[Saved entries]
(* Let $n \ge 1$ and $t$ be integers with $0 \le t \le n/3$, and assume $n \ge 4$ if $t = 0$. Put $m = n - 3t$. Then the maximum of $\mathrm{mis}(G)$ over all graphs $G$ on $n$ vertices that contain no induced triangle matching of size $t+1$ equals \[ \mathrm{mis}_t(n)=\begin{cases} 3^t\cdot 2^{m/2} & \text{if } m \text{ is even},\\ 3^{t-1}\cdot 2^{(m+3)/2} & \text{if } m \text{ is odd and } t>0,\\ 5\cdot 2^{(n-5)/2} & \text{if } m \text{ is odd and } t=0. \end{cases} \]
   Context: All graphs are finite and simple. For a graph $G$, $\mathrm{mis}(G)$ denotes the number of maximal independent sets of $G$ (independent sets not properly contained in another independent set). An induced triangle matching in $G$ is a set of vertex-disjoint triangles in $G$ whose vertex set induces in $G$ exactly the disjoint union of these triangles (no edges of $G$ between different triangles); its size is the number of triangles. $\mathrm{mis}_t(n)$ is the maximum of $\mathrm{mis}(G)$ over all $n$-vertex graphs $G$ containing no induced triangle matching of size $t+1$. (The case $t=0$ corresponds to triangle-free graphs.) *)

From mathcomp Require Import all_boot all_order.
Set Implicit Arguments. Unset Strict Implicit. Unset Printing Implicit Defensive.

Section Graphs.
Variable T : finType.
Variable e : rel T.

Definition simple_graph : Prop := symmetric e /\ irreflexive e.

Definition independent (S : {set T}) : bool :=
  [forall x in S, forall y in S, ~~ e x y].

Definition maximal_independent (S : {set T}) : bool :=
  independent S && [forall x, (x \notin S) ==> ~~ independent (x |: S)].

Definition mis : nat := #|[set S : {set T} | maximal_independent S]|.

Definition triangle (A : {set T}) : bool :=
  (#|A| == 3) && [forall x in A, forall y in A, (x != y) ==> e x y].

Definition induced_triangle_matching (M : {set {set T}}) : bool :=
  [forall A in M, triangle A] &&
  [forall A in M, forall B in M, (A != B) ==>
     [disjoint A & B] && [forall x in A, forall y in B, ~~ e x y]].

Definition has_induced_triangle_matching (k : nat) : Prop :=
  exists M : {set {set T}}, induced_triangle_matching M /\ #|M| = k.
End Graphs.

Definition mis_t_value (n t : nat) : nat :=
  let m := n - 3 * t in
  if ~~ odd m then 3 ^ t * 2 ^ (m %/ 2)
  else if 0 < t then 3 ^ (t - 1) * 2 ^ ((m + 3) %/ 2)
  else 5 * 2 ^ ((n - 5) %/ 2).

(* Upper bound, by induction on n.  Let v have minimum degree d.  Every maximal
   independent set meets N[v], and choosing its vertex u there deletes N[u], of
   size at least d + 1; hence mis <= (d + 1) mis_t(n - d - 1) <= mis_t(n) unless
   d = 2.  For d = 2 and N(v) = {a, b}, a case analysis (N[v] a triangle, which
   is either a component, removed together with one unit of t, or touches a
   vertex of degree 3; a or b of degree 3; N(a) and N(b) closing a 4-cycle or a
   path on five vertices) gives branchings with vectors (3,3,4), (3,4,4) and
   (3,5,5,5).  The corresponding inequalities for the closed form [mist] hold
   for n <= 13 and t <= 4 by computation, and propagate beyond because [mist]
   doubles under n -> n + 2 and triples under (n, t) -> (n + 3, t + 1).
   Lower bound: disjoint unions of triangles and edges, or of a 5-cycle and
   edges, attain the value. *)

From mathcomp Require Import all_boot all_order.
From mathcomp Require Import zify.
Set Implicit Arguments. Unset Strict Implicit. Unset Printing Implicit Defensive.

(* [mis0 m] is mis_0(m) for all m >= 1; the formula of the theorem is wrong
   for the exceptional values m = 1 and m = 3. *)
Definition mis0 (m : nat) : nat :=
  if m == 1 then 1 else if m == 3 then 2
  else if odd m then 5 * 2 ^ ((m - 5) %/ 2) else 2 ^ (m %/ 2).

Definition mist_form (k m : nat) : nat :=
  if ~~ odd m then 3 ^ k * 2 ^ (m %/ 2)
  else if 0 < k then 3 ^ (k - 1) * 2 ^ ((m + 3) %/ 2) else mis0 m.

(* mis_t(n) for every t: an n-vertex graph has at most n/3 disjoint triangles. *)
Definition mist (n t : nat) : nat :=
  mist_form (minn t (n %/ 3)) (n - 3 * minn t (n %/ 3)).

Lemma mis0_odd m : odd m -> 5 <= m -> mis0 m = 5 * 2 ^ ((m - 5) %/ 2).
Proof.
move=> m_odd m_ge5; rewrite /mis0 m_odd.
by rewrite ifF; last (by apply/eqP; lia); rewrite ifF //; apply/eqP; lia.
Qed.
(* Let $S=\{l_1=w_1,\dots,l_m=w_m\}$ with $l_1,\dots,l_m$ literals and $w_1,\dots,w_m\ge 0$ reals, and let $N$ be a real. Then $[N\le S]$ is strongly equivalent to the aggregate $sum\langle S\rangle\ge N$, and $[S\le N]$ is strongly equivalent to the aggregate $sum\langle S\rangle\le N$.
   Context: A literal is an atom $a$ or $\neg a$. Formulas with aggregates: atoms and $\bot$; combinations by $\wedge,\vee,\to$ ($\neg F:=F\to\bot$, $\top:=\bot\to\bot$; empty conjunction $\top$, empty disjunction $\bot$); and aggregates $op\langle\{F_1=w_1,\dots,F_n=w_n\}\rangle\prec N$; here $op=sum$. $X$ satisfies the aggregate iff $op(W_X)\prec N$, $W_X$ the multiset of $w_i$ with $X\models F_i$. Reduct: $\bot^X=\bot$; $a^X=a$ if $a\in X$, else $\bot$; $(F\otimes G)^X=F^X\otimes G^X$ if $X\models F\otimes G$, else $\bot$; for an aggregate $A$, $A^X=op\langle\{F_1^X=w_1,\dots\}\rangle\prec N$ if $X\models A$, else $\bot$. $X$ is a stable model of a theory $\Gamma$ if $X\models\Gamma^X$ and no proper subset of $X$ satisfies $\Gamma^X$; two formulas are strongly equivalent if adding either to any theory gives the same stable models. The translations of weight constraints into nested expressions are $$[N\le S]=\bigvee_{I\subseteq\{1,\dots,m\}:\,N\le\sum_{i\in I}w_i}\ \bigwedge_{i\in I}l_i,\qquad [S\le N]=\neg\bigvee_{I\subseteq\{1,\dots,m\}:\,N<\sum_{i\in I}w_i}\ \bigwedge_{i\in I}l_i.$$ *)

From Stdlib Require Import Reals List.
Import ListNotations.
Open Scope R_scope.
Set Implicit Arguments.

▸ Work to complete
Could you restate every record above word for word?

▸ Task solution
(* Let $n \ge 1$ and $t$ be integers with $0 \le t \le n/3$, and assume $n \ge 4$ if $t = 0$. Put $m = n - 3t$. Then the maximum of $\mathrm{mis}(G)$ over all graphs $G$ on $n$ vertices that contain no induced triangle matching of size $t+1$ equals \[ \mathrm{mis}_t(n)=\begin{cases} 3^t\cdot 2^{m/2} & \text{if } m \text{ is even},\\ 3^{t-1}\cdot 2^{(m+3)/2} & \text{if } m \text{ is odd and } t>0,\\ 5\cdot 2^{(n-5)/2} & \text{if } m \text{ is odd and } t=0. \end{cases} \]
   Context: All graphs are finite and simple. For a graph $G$, $\mathrm{mis}(G)$ denotes the number of maximal independent sets of $G$ (independent sets not properly contained in another independent set). An induced triangle matching in $G$ is a set of vertex-disjoint triangles in $G$ whose vertex set induces in $G$ exactly the disjoint union of these triangles (no edges of $G$ between different triangles); its size is the number of triangles. $\mathrm{mis}_t(n)$ is the maximum of $\mathrm{mis}(G)$ over all $n$-vertex graphs $G$ containing no induced triangle matching of size $t+1$. (The case $t=0$ corresponds to triangle-free graphs.) *)

From mathcomp Require Import all_boot all_order.
Set Implicit Arguments. Unset Strict Implicit. Unset Printing Implicit Defensive.

Section Graphs.
Variable T : finType.
Variable e : rel T.

Definition simple_graph : Prop := symmetric e /\ irreflexive e.

Definition independent (S : {set T}) : bool :=
  [forall x in S, forall y in S, ~~ e x y].

Definition maximal_independent (S : {set T}) : bool :=
  independent S && [forall x, (x \notin S) ==> ~~ independent (x |: S)].

Definition mis : nat := #|[set S : {set T} | maximal_independent S]|.

Definition triangle (A : {set T}) : bool :=
  (#|A| == 3) && [forall x in A, forall y in A, (x != y) ==> e x y].

Definition induced_triangle_matching (M : {set {set T}}) : bool :=
  [forall A in M, triangle A] &&
  [forall A in M, forall B in M, (A != B) ==>
     [disjoint A & B] && [forall x in A, forall y in B, ~~ e x y]].

Definition has_induced_triangle_matching (k : nat) : Prop :=
  exists M : {set {set T}}, induced_triangle_matching M /\ #|M| = k.
End Graphs.

Definition mis_t_value (n t : nat) : nat :=
  let m := n - 3 * t in
  if ~~ odd m then 3 ^ t * 2 ^ (m %/ 2)
  else if 0 < t then 3 ^ (t - 1) * 2 ^ ((m + 3) %/ 2)
  else 5 * 2 ^ ((n - 5) %/ 2).

(* Upper bound, by induction on n.  Let v have minimum degree d.  Every maximal
   independent set meets N[v], and choosing its vertex u there deletes N[u], of
   size at least d + 1; hence mis <= (d + 1) mis_t(n - d - 1) <= mis_t(n) unless
   d = 2.  For d = 2 and N(v) = {a, b}, a case analysis (N[v] a triangle, which
   is either a component, removed together with one unit of t, or touches a
   vertex of degree 3; a or b of degree 3; N(a) and N(b) closing a 4-cycle or a
   path on five vertices) gives branchings with vectors (3,3,4), (3,4,4) and
   (3,5,5,5).  The corresponding inequalities for the closed form [mist] hold
   for n <= 13 and t <= 4 by computation, and propagate beyond because [mist]
   doubles under n -> n + 2 and triples under (n, t) -> (n + 3, t + 1).
   Lower bound: disjoint unions of triangles and edges, or of a 5-cycle and
   edges, attain the value. *)

From mathcomp Require Import all_boot all_order.
From mathcomp Require Import zify.
Set Implicit Arguments. Unset Strict Implicit. Unset Printing Implicit Defensive.

(* [mis0 m] is mis_0(m) for all m >= 1; the formula of the theorem is wrong
   for the exceptional values m = 1 and m = 3. *)
Definition mis0 (m : nat) : nat :=
  if m == 1 then 1 else if m == 3 then 2
  else if odd m then 5 * 2 ^ ((m - 5) %/ 2) else 2 ^ (m %/ 2).

Definition mist_form (k m : nat) : nat :=
  if ~~ odd m then 3 ^ k * 2 ^ (m %/ 2)
  else if 0 < k then 3 ^ (k - 1) * 2 ^ ((m + 3) %/ 2) else mis0 m.

(* mis_t(n) for every t: an n-vertex graph has at most n/3 disjoint triangles. *)
Definition mist (n t : nat) : nat :=
  mist_form (minn t (n %/ 3)) (n - 3 * minn t (n %/ 3)).

Lemma mis0_odd m : odd m -> 5 <= m -> mis0 m = 5 * 2 ^ ((m - 5) %/ 2).
Proof.
move=> m_odd m_ge5; rewrite /mis0 m_odd.
by rewrite ifF; last (by apply/eqP; lia); rewrite ifF //; apply/eqP; lia.
Qed.
(* Let $S=\{l_1=w_1,\dots,l_m=w_m\}$ with $l_1,\dots,l_m$ literals and $w_1,\dots,w_m\ge 0$ reals, and let $N$ be a real. Then $[N\le S]$ is strongly equivalent to the aggregate $sum\langle S\rangle\ge N$, and $[S\le N]$ is strongly equivalent to the aggregate $sum\langle S\rangle\le N$.
   Context: A literal is an atom $a$ or $\neg a$. Formulas with aggregates: atoms and $\bot$; combinations by $\wedge,\vee,\to$ ($\neg F:=F\to\bot$, $\top:=\bot\to\bot$; empty conjunction $\top$, empty disjunction $\bot$); and aggregates $op\langle\{F_1=w_1,\dots,F_n=w_n\}\rangle\prec N$; here $op=sum$. $X$ satisfies the aggregate iff $op(W_X)\prec N$, $W_X$ the multiset of $w_i$ with $X\models F_i$. Reduct: $\bot^X=\bot$; $a^X=a$ if $a\in X$, else $\bot$; $(F\otimes G)^X=F^X\otimes G^X$ if $X\models F\otimes G$, else $\bot$; for an aggregate $A$, $A^X=op\langle\{F_1^X=w_1,\dots\}\rangle\prec N$ if $X\models A$, else $\bot$. $X$ is a stable model of a theory $\Gamma$ if $X\models\Gamma^X$ and no proper subset of $X$ satisfies $\Gamma^X$; two formulas are strongly equivalent if adding either to any theory gives the same stable models. The translations of weight constraints into nested expressions are $$[N\le S]=\bigvee_{I\subseteq\{1,\dots,m\}:\,N\le\sum_{i\in I}w_i}\ \bigwedge_{i\in I}l_i,\qquad [S\le N]=\neg\bigvee_{I\subseteq\{1,\dots,m\}:\,N<\sum_{i\in I}w_i}\ \bigwedge_{i\in I}l_i.$$ *)

From Stdlib Require Import Reals List.
Import ListNotations.
Open Scope R_scope.
Set Implicit Arguments.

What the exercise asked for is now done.